Post-deficit politics
There’s also a question of whether the government needs to increase taxes now to pay for Social Security at all. Social Security’s trust fund has an inherent logic behind it: people pay into the program during their working life, and it distributes money to people when they qualify (usually at retirement). Yet, while the trust fund has insulated the program from political attacks to cut benefits, the logic behind it has also prevented politicians from tweaking its financing to cope with, for example, the increasing amount of wages above the payroll tax cap.
Simply put, if politicians want to increase or maintain Social Security benefits, they can simply put money into the trust fund, similar to how they could give everyone a pony. To give everyone a pony, the government would need to breed enough ponies; to put money into Social Security, the government would need prioritize a growing economy that produces enough output for that money to maintain its value. While this decision to directly fund the trust fund would have to be balanced with the risks of opening up the program to attacks, there are clearly enough resources in the United States to fully fund Social Security and even expand the program without directly raising taxes to cover the cost.

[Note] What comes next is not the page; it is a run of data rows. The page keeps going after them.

Let diag_sqrt_piK : diag_mx sqrt_pi *m diag_mx (map_mx GRing.inv sqrt_pi) = 1%:M.
Proof.
apply/matrixP => x y; rewrite mul_mx_diag !mxE.
by case: eqP => [->|_]; rewrite ?mulr0n ?mul0r //= mulfV ?q_neq0.
Qed.

Let symmetrizeE M x y : symmetrize M x y = q x * M x y / q y.
Proof. by rewrite /symmetrize mul_mx_diag mul_diag_mx !mxE. Qed.

Lemma symmetrizeB M N : symmetrize (M - N) = symmetrize M - symmetrize N.
Proof. by rewrite /symmetrize mulmxBr mulmxBl. Qed.

Lemma symmetrize_comb a b M N :
  symmetrize (a *: M + b *: N) = a *: symmetrize M + b *: symmetrize N.
Proof. by rewrite /symmetrize mulmxDr mulmxDl -!scalemxAr -!scalemxAl. Qed.

Lemma symmetrizeM M N : symmetrize (M *m N) = symmetrize M *m symmetrize N.
Proof.
rewrite /symmetrize -!mulmxA [diag_mx (map_mx _ _) *m (_ *m _)]mulmxA.
by rewrite (mulmx1C diag_sqrt_piK) mul1mx.
Qed.

Lemma symmetrize_mxpow M l : symmetrize (mxpow M l) = mxpow (symmetrize M) l.
Proof.
elim: l => [|l IHl]; first by rewrite /symmetrize mulmx1 diag_sqrt_piK.
by rewrite !mxpowS symmetrizeM IHl.
Qed.

Lemma char_poly_symmetrize M : char_poly (symmetrize M) = char_poly M.
Proof. exact/char_poly_similar/(mulmx1C diag_sqrt_piK). Qed.

Lemma mxtrace_symmetrize M : \tr (symmetrize M) = \tr M.
Proof. by rewrite /symmetrize mxtrace_mulC mulmxA (mulmx1C diag_sqrt_piK) mul1mx. Qed.

Lemma symmetrize_adj M : symmetrize (adj_pi pi M) = (symmetrize M)^T.
Proof.
apply/matrixP => x y; rewrite symmetrizeE [RHS]mxE symmetrizeE mxE -!sqr_q.
by field; rewrite !q_neq0.
Qed.

Lemma frob2_symmetrize M : frob2 pi M = frob2mx (symmetrize M).
Proof.
by rewrite /frob2 -mxtrace_symmetrize symmetrizeM symmetrize_adj mxtrace_mulC.
Qed.

Lemma symmetrize_Pimx : symmetrize (Pimx pi) = sqrt_pi^T *m sqrt_pi.
Proof.
apply/matrixP => x y; rewrite symmetrizeE !mxE big_ord1 !mxE -/(q x) -/(q y) -sqr_q.
by field; rewrite q_neq0.
Qed.

Lemma dot_sqrt_pi : \sum_x pi x = 1 -> dot sqrt_pi sqrt_pi = 1.
Proof. by move=> <-; rewrite dotE; apply: eq_bigr => x _; rewrite mxE -expr2 sqr_q. Qed.

Lemma symmetrize_sym M : reversible pi M -> (symmetrize M)^T = symmetrize M.
Proof.
move=> M_rev; apply/matrixP => x y; rewrite [LHS]mxE !symmetrizeE.
have M_yx : M y x = pi x * M x y / pi y by rewrite M_rev mulrAC mulfV ?mul1r ?gt_eqF.
by rewrite M_yx -!sqr_q; field; rewrite !q_neq0.
Qed.

Lemma sqrt_pi_symmetrize M : reversible pi M -> (forall x, \sum_y M x y = 1) ->
  sqrt_pi *m symmetrize M = sqrt_pi.
Proof.
move=> M_rev M_sum; apply/rowP => y; rewrite mxE.
transitivity ((\sum_x pi y * M y x) / q y).
  rewrite mulr_suml; apply: eq_bigr => x _.
  by rewrite symmetrizeE -M_rev -sqr_q !mxE !mulrA.
by rewrite -mulr_sumr M_sum mulr1 -sqr_q expr2 mulfK // mxE.
Qed.

End Symmetrize.

Section Gibbs.
Variables (R : rcfType) (n : nat) (pi : 'I_n -> R) (Ps : {set {set 'I_n}}).
Hypotheses (pi_gt0 : forall x, 0 < pi x) (Ps_part : partition Ps [set: 'I_n]).

Local Notation G := (gibbs pi Ps).

Let mem_pblock_self x : x \in pblock Ps x.
Proof.
by case/and3P: Ps_part => /eqP cover_Ps _ _; rewrite mem_pblock cover_Ps inE.
Qed.

Let pblock_sym x y : (y \in pblock Ps x) = (x \in pblock Ps y).
Proof.
case/and3P: Ps_part => /eqP cover_Ps tI _.
by rewrite -!eq_pblock ?cover_Ps ?inE // eq_sym.
Qed.

Let gibbsE x y : G x y =
  if y \in pblock Ps x then pi y / \sum_(z in pblock Ps x) pi z else 0.
Proof. by rewrite mxE. Qed.

Let pblock_same x y : y \in pblock Ps x -> pblock Ps y = pblock Ps x.
Proof. by case/and3P: Ps_part => _ tI _; apply: same_pblock. Qed.

Lemma gibbs_row_sum x : \sum_y G x y = 1.
Proof.
have mass_gt0 : 0 < \sum_(z in pblock Ps x) pi z.
  by rewrite (bigD1 x) //= ltr_wpDr ?pi_gt0 ?sumr_ge0 // => z _; apply: ltW.
rewrite (eq_bigr _ (fun y _ => gibbsE x y)) -big_mkcond /= -mulr_suml.
by rewrite divff ?gt_eqF.
Qed.

Lemma gibbs_reversible : reversible pi G.
Proof.
move=> x y; rewrite !gibbsE; have [y_x|y_x] := boolP (y \in pblock Ps x).
  by rewrite (pblock_same y_x) mem_pblock_self !mulrA [pi x * pi y]mulrC.
by rewrite pblock_sym in y_x; rewrite (negbTE y_x) !mulr0.
Qed.

Lemma gibbs_idem : G *m G = G.
Proof.
apply/matrixP => x z; rewrite mxE.
transitivity (\sum_y G x y * G x z); last by rewrite -mulr_suml gibbs_row_sum mul1r.
apply: eq_bigr => y _; rewrite [G x y]gibbsE.
by case: ifP => [/pblock_same y_x|_]; rewrite ?mul0r // !gibbsE y_x.
Qed.

End Gibbs.

Lemma stochastic_eigenvalue_le1 (R : rcfType) n (P : 'M[R]_n) a :
  stochastic P -> root (char_poly P) a -> `|a| <= 1.
Proof.
move=> [P_ge0 P_sum]; rewrite -eigenvalue_root_char => /eigenvalueP[v vP v_neq0].
pose mass := \sum_y `|v 0 y|.
have mass_gt0 : 0 < mass.
  rewrite lt_def sumr_ge0 // andbT; apply: contra v_neq0 => /eqP/psumr_eq0P v0.
  by apply/eqP/rowP => y; rewrite mxE; apply/normr0_eq0/v0.
rewrite -(ler_pM2r mass_gt0) mul1r {2}/mass mulr_sumr.
apply: (@le_trans _ _ (\sum_y \sum_x `|v 0 x| * P x y)).
  apply: ler_sum => y _; rewrite -normrM.
  have -> : a * v 0 y = (v *m P) 0 y by rewrite vP mxE.
  rewrite mxE (le_trans (ler_norm_sum _ _ _)) // ler_sum // => x _.
  by rewrite normrM (ger0_norm (P_ge0 x y)).
by rewrite exchange_big ler_sum // => x _; rewrite -mulr_sumr P_sum mulr1.
Qed.

Lemma sorted_count_abs_gt (R : realDomainType) (s : seq R) :
  sorted >=%R s ->
  (count (fun a : R => Num.max `|s`_1| `|s`_(size s).-1| < `|a|)%R s <= 1)%N.
Proof.
move=> s_sorted.
have small i : (0 < i < size s)%N -> `|s`_i| <= Num.max `|s`_1| `|s`_(size s).-1|.
  case/andP=> i_gt0 i_lt; have le_nth := sorted_leq_nth ge_trans ge_refl 0 s_sorted.
  have s1_i : s`_i <= s`_1 by apply: le_nth; rewrite ?inE // (leq_ltn_trans i_gt0).
  have si_last : s`_(size s).-1 <= s`_i.
    apply: le_nth; rewrite ?inE //; first by rewrite ltn_predL (leq_ltn_trans _ i_lt).
    by rewrite -ltnS (ltn_predK i_lt).
  rewrite le_max; have [si_ge0|si_lt0] := leP 0 s`_i.
    by apply/orP; left; rewrite ger0_norm // (le_trans s1_i (ler_norm _)).
  apply/orP; right; rewrite ltr0_norm // -normrN (le_trans _ (ler_norm _)) //.
  by rewrite lerN2.
case: s s_sorted small => [|a0 t] //= _ small.
rewrite -[X in (_ <= X)%N]addn0 leq_add ?leq_b1 // leqn0 -/(nat_of_bool true).
rewrite eqn0Ngt -has_count; apply/hasPn => a a_t; rewrite -leNgt.
by rewrite -(nth_index 0 a_t) (small (index a t).+1) //= ltnS index_mem.
Qed.

Lemma count_le1_neq (I : finType) (T : Type) (f : I -> T) (p : pred T) i j :
  (count p [seq f k | k <- enum I] <= 1)%N -> i != j -> p (f i) -> ~~ p (f j).
Proof.
move=> p_count ij pi; apply: contraL p_count => pj; rewrite -ltnNge count_map.
by rewrite -sum1_count enumT (bigD1 i) //= (bigD1 j) 1?eq_sym //= pj.
Qed.

Section ComplexDiagonal.
Variables (C : numClosedFieldType) (n : nat).
Implicit Types (x y : 'rV[C]_n) (U : 'M[C]_n).
Local Open Scope sesquilinear_scope.

Lemma dotmx_unitary x y U : U \is unitarymx -> dotmx (x *m U) (y *m U) = dotmx x y.
Proof.
move=> /unitarymxP U_unit.
by rewrite !dotmxE trmx_mul map_mxM mulmxA -(mulmxA x) U_unit mulmx1.
Qed.

Lemma dotmx_sqr_norm x : dotmx x x = \sum_i `|x 0 i| ^+ 2.
Proof. by rewrite dotmxE mxE; apply: eq_bigr => i _; rewrite !mxE normCK. Qed.

Lemma dotmx_diag_le (d z w : 'rV[C]_n) (rho : C) :
  0 <= rho -> (forall i, `|d 0 i| <= 1) ->
  (forall i j, i != j -> rho < `|d 0 i| -> `|d 0 j| <= rho) ->
  z *m diag_mx d = z -> z != 0 -> dotmx w z = 0 ->
  dotmx (w *m diag_mx d) (w *m diag_mx d) <= rho ^+ 2 * dotmx w w.
Proof.
move=> rho_ge0 d_le1 one_large z_fixed z_neq0 wz.
(* If |d_i| > rho, then every other d_j is at most rho < 1, so the fixed vector
   z is supported on i, and w orthogonal to z forces w_i = 0. *)
have w_small i : w 0 i = 0 \/ `|d 0 i| <= rho.
  have [|d_large] := real_leP (normr_real (d 0 i)) (ger0_real rho_ge0); first by right.
  left; have z_off j : j != i -> z 0 j = 0.
    move=> ji; have d_neq1 : d 0 j != 1.
      apply/eqP => dj1; have := one_large i j.
      rewrite eq_sym ji dj1 normr1 => /(_ isT d_large).
      by move/(le_trans (d_le1 i))/(lt_le_trans d_large); rewrite ltxx.
    have : z 0 j * (d 0 j - 1) = 0.
      by rewrite mulrBr mulr1 -[in X in _ - X]z_fixed mul_mx_diag mxE subrr.
    by move/eqP; rewrite mulf_eq0 subr_eq0 (negbTE d_neq1) orbF => /eqP.
  have z_i : z 0 i != 0.
    apply: contra z_neq0 => /eqP z_i0; apply/eqP/rowP => j; rewrite mxE.
    by have [->|] := eqVneq j i; [apply: z_i0 | apply: z_off].
  move: wz; rewrite dotmxE mxE (bigD1 i) //= big1 => [|j ji]; last first.
    by rewrite !mxE z_off // conjC0 mulr0.
  by rewrite addr0 !mxE => /eqP; rewrite mulf_eq0 conjC_eq0 (negbTE z_i) orbF => /eqP.
rewrite !dotmx_sqr_norm mulr_sumr ler_sum // => i _.
rewrite mul_mx_diag mxE normrM exprMn mulrC.
have [->|d_small] := w_small i; first by rewrite normr0 expr0n /= !mulr0.
by rewrite ler_wpM2r ?exprn_ge0 // lerXn2r ?nnegrE // (le_trans _ d_small).
Qed.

This is not to say that taxes in general will never need to be changed in the future, only that debt itself and specifically, the fact that Social Security will have a shortfall, are the wrong indicators to use to determine if Social Security is affordable or not.
It has been encouraging that over the last few years there has been a transformational shift within the Democratic Party regarding Social Security. While many Democrats once supported cuts to the program, there is now a consensus to expand the program. This is because expanding the program is increasingly more important as it becomes a larger share of retirees’ incomes, in part due to the decline of pensions.
It’s also because, whether or not politicians or policymakers subscribe to all the ideas outlined here or not, there are clear and relatively easy pathways forward to fully fund and expand the program. The difficulty of actually solving these problems is more about politics, and less about specific numbers or reports.
[1] This amount also would leave the trust fund with a reserve equal to one year’s cost, as opposed to the “necessary tax rate” of 2.78 percent, which would leave the trust fund empty at the end of the period (but which also assumes some shift of wages to evade the tax).